Will Oracle’s BI Buy Stick it to SAP?

Analysis: Oracle’s  $3.3 billion bid for Hyperion Solutions  is another sign of how hot the market for business intelligence software has become.

Should Oracle seal the deal, the enterprise software giant will be poised to grab an excellent market position and compete more aggressively with BI providers Business Objects and Cognos. Plus, Oracle could be in position to steal customers away from rival SAP, observers and analysts say.

Hyperion makes planning, budgeting and consolidation applications that help CFOs gain better insight into corporate finances.

Although Business Objects and Cognos will find themselves in increased competition, Oracle President Chuck Phillips also made it clear that the software maker is gunning for SAP  as part of its long-term strategy to infiltrate as many applications sectors as possible.

“This is definitely a leg up on SAP for Oracle,” said Ventana Research CEO Mark Smith said. “SAP has not competed in the BI or financial management apps market. Oracle has a large number of customers and an applications suite that SAP just hasn’t got yet.”

Forrest Research analyst Boris Evelson agreed that Oracle’s new position as a financial performance management leader will put additional pressure on SAP.

If SAP is concerned, it’s not showing it. “This latest acquisition continues the efforts by Oracle — limited by the inability to grow on its own — to buy customers and market share, and only adds to Oracle’s already cluttered application landscape,” said SAP spokesperson Jim Dever.
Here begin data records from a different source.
(* Let $P=\{x\in\mathbb{R}^n: Ax\ge b\}$ be full-dimensional and pointed, $c\in\mathbb{R}^n$, and $\bar x$ a basic optimal solution of $\min\{c^\top x:x\in P\}$. Let $\mathcal{T}$ be finite and $P^t=\{x\in P:D^tx\ge D^t_0\}$, $t\in\mathcal{T}$. For each $t$, let $p^t$ be a basic optimal solution of $\min\{c^\top x:x\in P^t\}$ and $C^t$ the basis cone at $p^t$ with extreme rays $r^{t1},\dots,r^{tn}$. Let $p^*\in\arg\min\{c^\top p^t: t\in\mathcal{T}\}$. If $\tilde c^\top\tilde p^*>0$, then PRLP$^0$ is feasible.
   Context: A cobasis of a basic solution is a set of $n$ linearly independent defining inequalities tight at it; the basis cone $C^t$ is the intersection of the $n$ cobasic half-spaces at $p^t$. Nonbasic space: fix a cobasis $\{a_i^\top x\ge b_i: i\in N\}$ ($|N|=n$) of $\bar x$ in $P$; for a point $x$ let $\tilde x=(a_i^\top x-b_i)_{i\in N}$ and for a ray $r$ let $\tilde r=(a_i^\top r)_{i\in N}$ (so $\bar x\mapsto 0$), and let $\tilde c\in\mathbb{R}^n$ be the vector with $c^\top x=c^\top\bar x+\tilde c^\top\tilde x$ for all $x\in\mathbb{R}^n$. PRLP$^0$ is the system in $\tilde\alpha\in\mathbb{R}^n$: $\tilde\alpha^\top\tilde p^t\ge1$ for all $t\in\mathcal{T}$ and $\tilde\alpha^\top\tilde r^{tj}\ge0$ for all $t\in\mathcal{T}$, $j\in[n]$. *)

From HB Require Import structures.
From mathcomp Require Import all_boot all_order all_algebra.
Set Implicit Arguments. Unset Strict Implicit. Unset Printing Implicit Defensive.
Import Order.TTheory GRing.Theory Num.Theory.
Local Open Scope ring_scope.

Definition dotv (R : realFieldType) (n : nat) (u v : 'cV[R]_n) : R :=
  \sum_(i < n) u i 0 * v i 0.

Definition in_poly (R : realFieldType) (m n : nat) (M : 'M[R]_(m, n)) (h : 'cV[R]_m)
  (x : 'cV[R]_n) : Prop := forall i, h i 0 <= (M *m x) i 0.

Definition full_dim (R : realFieldType) (m n : nat) (M : 'M[R]_(m, n)) (h : 'cV[R]_m) : Prop :=
  exists x0 : 'cV[R]_n, exists eps : R, 0 < eps /\
    forall y : 'cV[R]_n, (forall j, `|y j 0 - x0 j 0| <= eps) -> in_poly M h y.

Definition pointed (R : realFieldType) (m n : nat) (M : 'M[R]_(m, n)) (h : 'cV[R]_m) : Prop :=
  forall x d : 'cV[R]_n, in_poly M h x -> (forall l : R, in_poly M h (x + l *: d)) -> d = 0.

Definition cobasis (R : realFieldType) (m n : nat) (M : 'M[R]_(m, n)) (h : 'cV[R]_m)
  (x : 'cV[R]_n) (N : 'I_n -> 'I_m) : Prop :=
  (forall j, (M *m x) (N j) 0 = h (N j) 0) /\
  (\matrix_(j < n, l < n) M (N j) l) \in unitmx.

Definition lp_optimal (R : realFieldType) (m n : nat) (M : 'M[R]_(m, n)) (h : 'cV[R]_m)
  (c x : 'cV[R]_n) : Prop :=
  in_poly M h x /\ forall y, in_poly M h y -> dotv c x <= dotv c y.

(* Nonnegative reduced costs: c is a nonnegative combination of the cobasic rows. *)
Definition dual_feasible (R : realFieldType) (m n : nat) (M : 'M[R]_(m, n))
  (c : 'cV[R]_n) (N : 'I_n -> 'I_m) : Prop :=
  exists y : 'I_n -> R, (forall j, 0 <= y j) /\ c = \sum_(j < n) y j *: (row (N j) M)^T.

Definition optimal_cobasis (R : realFieldType) (m n : nat) (M : 'M[R]_(m, n)) (h : 'cV[R]_m)
  (c x : 'cV[R]_n) (N : 'I_n -> 'I_m) : Prop :=
  lp_optimal M h c x /\ cobasis M h x N /\ dual_feasible M c N.

Definition basis_cone (R : realFieldType) (m n : nat) (M : 'M[R]_(m, n)) (h : 'cV[R]_m)
  (N : 'I_n -> 'I_m) (x : 'cV[R]_n) : Prop :=
  forall j, h (N j) 0 <= (M *m x) (N j) 0.

(* r spans an extreme ray of the cone K (K a cone with apex 0). *)
Definition extreme_ray (R : realFieldType) (n : nat) (K : 'cV[R]_n -> Prop) (r : 'cV[R]_n) : Prop :=
  K r /\ r != 0 /\
  forall u w, K u -> K w -> r = u + w -> exists l : R, 0 <= l /\ u = l *: r.

(* Nonbasic-space coordinates w.r.t. the cobasis N of A x >= b. *)
Definition nb_point (R : realFieldType) (m n : nat) (A : 'M[R]_(m, n)) (b : 'cV[R]_m)
  (N : 'I_n -> 'I_m) (x : 'cV[R]_n) : 'cV[R]_n :=
  \col_(j < n) ((A *m x) (N j) 0 - b (N j) 0).

Definition nb_ray (R : realFieldType) (m n : nat) (A : 'M[R]_(m, n))
  (N : 'I_n -> 'I_m) (r : 'cV[R]_n) : 'cV[R]_n :=
  \col_(j < n) ((A *m r) (N j) 0).

Definition PRLP0_feasible (R : realFieldType) (n : nat) (T : finType)
  (pt : T -> 'cV[R]_n) (rt : T -> 'I_n -> 'cV[R]_n) : Prop :=
  exists alpha : 'cV[R]_n,
    (forall t, 1 <= dotv alpha (pt t)) /\ (forall t j, 0 <= dotv alpha (rt t j)).

From HB Require Import structures.
From mathcomp Require Import all_boot all_order all_algebra.
From mathcomp Require Import lra.
Set Implicit Arguments. Unset Strict Implicit. Unset Printing Implicit Defensive.
Import Order.TTheory GRing.Theory Num.Theory.
Local Open Scope ring_scope.

(* The vector [alpha = ctil / s] with [s = ctil^T p~*] is feasible.  On points,
   [ctil^T p~t = c^T p^t - c^T xbar] is smallest at [p*], so [alpha^T p~t >= 1].
   On rays, [ctil^T r~ = c^T r] because [x |-> ctil^T x~] and [c^T x] differ by
   a constant; and [c^T r >= 0] since [c] is a nonnegative combination of the
   cobasic rows at [p^t], which are nonnegative on the rays of the basis cone. *)

Section DotProduct.
Variables (R : realFieldType) (n : nat).
Implicit Types (u v w : 'cV[R]_n).

Lemma dotvDr u v w : dotv u (v + w) = dotv u v + dotv u w.
Proof. by rewrite /dotv -big_split; apply: eq_bigr => i _; rewrite mxE mulrDr. Qed.

Lemma dotvZl a u v : dotv (a *: u) v = a * dotv u v.
Proof. by rewrite /dotv mulr_sumr; apply: eq_bigr => i _; rewrite mxE mulrA. Qed.

Lemma dotv0r u : dotv u 0 = 0.
Proof. by rewrite /dotv big1 // => i _; rewrite mxE mulr0. Qed.

Lemma dotv_suml (I : finType) (F : I -> 'cV[R]_n) v :
  dotv (\sum_i F i) v = \sum_i dotv (F i) v.
Proof.
rewrite /dotv exchange_big; apply: eq_bigr => j _.
by rewrite summxE mulr_suml.
Qed.

Lemma dotv_tr_row m (M : 'M[R]_(m, n)) i v : dotv (row i M)^T v = (M *m v) i 0.
Proof. by rewrite /dotv mxE; apply: eq_bigr => j _; rewrite !mxE. Qed.

End DotProduct.

Section Cobasis.
Variables (R : realFieldType) (m n : nat) (M : 'M[R]_(m, n)) (h : 'cV[R]_m).
Variable N : 'I_n -> 'I_m.

Lemma nb_pointD x d : nb_point M h N (x + d) = nb_point M h N x + nb_ray M N d.
Proof. by apply/matrixP => i j; rewrite /nb_point /nb_ray mulmxDr !mxE addrAC. Qed.

Lemma dotv_nb_ray (c ctil x0 : 'cV[R]_n) :
  (forall x, dotv c x = dotv c x0 + dotv ctil (nb_point M h N x)) ->
  forall d, dotv c d = dotv ctil (nb_ray M N d).
Proof.
move=> Hc d; have := Hc d; have := Hc 0.
by rewrite -[in nb_point _ _ _ d](add0r d) nb_pointD dotvDr dotv0r; lra.
Qed.

Lemma basis_cone_dir_ge0 x d :
  cobasis M h x N -> basis_cone M h N (x + d) -> forall j, 0 <= (M *m d) (N j) 0.
Proof.
move=> [Htight _] Hd j; have := Hd j.
by rewrite mulmxDr mxE Htight; lra.
Qed.

Lemma dual_feasible_dotv_ge0 c d :
  dual_feasible M c N -> (forall j, 0 <= (M *m d) (N j) 0) -> 0 <= dotv c d.
Proof.
move=> [y [Hy ->]] Hd; rewrite dotv_suml; apply: sumr_ge0 => j _.
by rewrite dotvZl dotv_tr_row mulr_ge0.
Qed.

End Cobasis.

Theorem proposition2 (R : realFieldType) (m n : nat)
  (A : 'M[R]_(m, n)) (b : 'cV[R]_m) (c : 'cV[R]_n)
  (xbar : 'cV[R]_n) (N0 : 'I_n -> 'I_m) (ctil : 'cV[R]_n)
  (T : finType) (k : T -> nat)
  (D : forall t : T, 'M[R]_(k t, n)) (D0 : forall t : T, 'cV[R]_(k t))
  (p : T -> 'cV[R]_n) (Nt : forall t : T, 'I_n -> 'I_(m + k t))
  (r : T -> 'I_n -> 'cV[R]_n) (tstar : T) :
  full_dim A b ->
  pointed A b ->
  lp_optimal A b c xbar ->
  cobasis A b xbar N0 ->
  (forall x : 'cV[R]_n, dotv c x = dotv c xbar + dotv ctil (nb_point A b N0 x)) ->
  (forall t, optimal_cobasis (col_mx A (D t)) (col_mx b (D0 t)) c (p t) (Nt t)) ->
  (forall t j, extreme_ray
       (fun d => basis_cone (col_mx A (D t)) (col_mx b (D0 t)) (Nt t) (p t + d)) (r t j)) ->
  (forall t, dotv c (p tstar) <= dotv c (p t)) ->
  0 < dotv ctil (nb_point A b N0 (p tstar)) ->
  PRLP0_feasible (fun t => nb_point A b N0 (p t)) (fun t j => nb_ray A N0 (r t j)).
Proof.
move=> _ _ _ _ Hc Hopt Hray Hmin Hpos.
set s := dotv ctil (nb_point A b N0 (p tstar)).
exists (s^-1 *: ctil); split=> [t | t j]; rewrite dotvZl.
  rewrite ler_pdivlMl // mulr1.
  by have := Hmin t; have := Hc (p t); have := Hc (p tstar); rewrite -/s; lra.
apply: mulr_ge0; first by rewrite invr_ge0 ltW.
rewrite -(dotv_nb_ray Hc).
have [_ [Hcob Hdual]] := Hopt t.
have [Hcone _] := Hray t j.
exact: dual_feasible_dotv_ge0 Hdual (basis_cone_dir_ge0 Hcob Hcone).
Qed.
“SAP has more than 2.5 times the market share in applications [compared to the competition] and despite all the billions of dollars Oracle has spent on over 20 acquisitions, SAP still gained 3 percentage points of market share in 2006 alone,” Dever asserted. “The question that needs to be asked is: Has Oracle’s acquisition strategy actually benefited the user?”

Oracle already makes BI tools and has some market share. Purchasing Hyperion will add acclaimed software and 12,000 customers to the Oracle line-up.

Hyperion has been a good earner. The company tallied a second-quarter sales increase of 20 percent to $222.9 million, compared to $185.5 million for the same period a year ago.

Phillips dismissed products from Cognos  and Business Objects  as point solutions, claiming those vendors focus on BI tools and have poor BI foundations with few analytic applications, or no database or transactional systems.

Bi market leader Business Objects saw revenue rise 22 percent to $371 million in the recent fourth quarter; Cognos’ Q3 revenue rose to $247.8 million from $212.3 million, trumping analysts’ estimates of $241.1 million.

Even with Hyperion in the corporate fold, Oracle’s road to success in the sector is not quite Easy Street.

Evelson said Oracle will face obvious and significant integration and product positioning challenges with multitude of overlapping and redundant products. Chief among these is rationalizing the Hyperion Essbase database with Oracle’s own Express database.

“However, if and when Oracle creates the same seamless integration they always had between its Express and relational databases with Essbase, it will truly become an awesome analytical database product hard to beat,” Evelson said.

“We’ll see if Oracle changes its BI strategy,” Smith said. “It will be critical to maintain customers and upsell them to Oracle BI Enterprise Edition and then have a great portfolio of financial apps to address their customers and SAP’s.”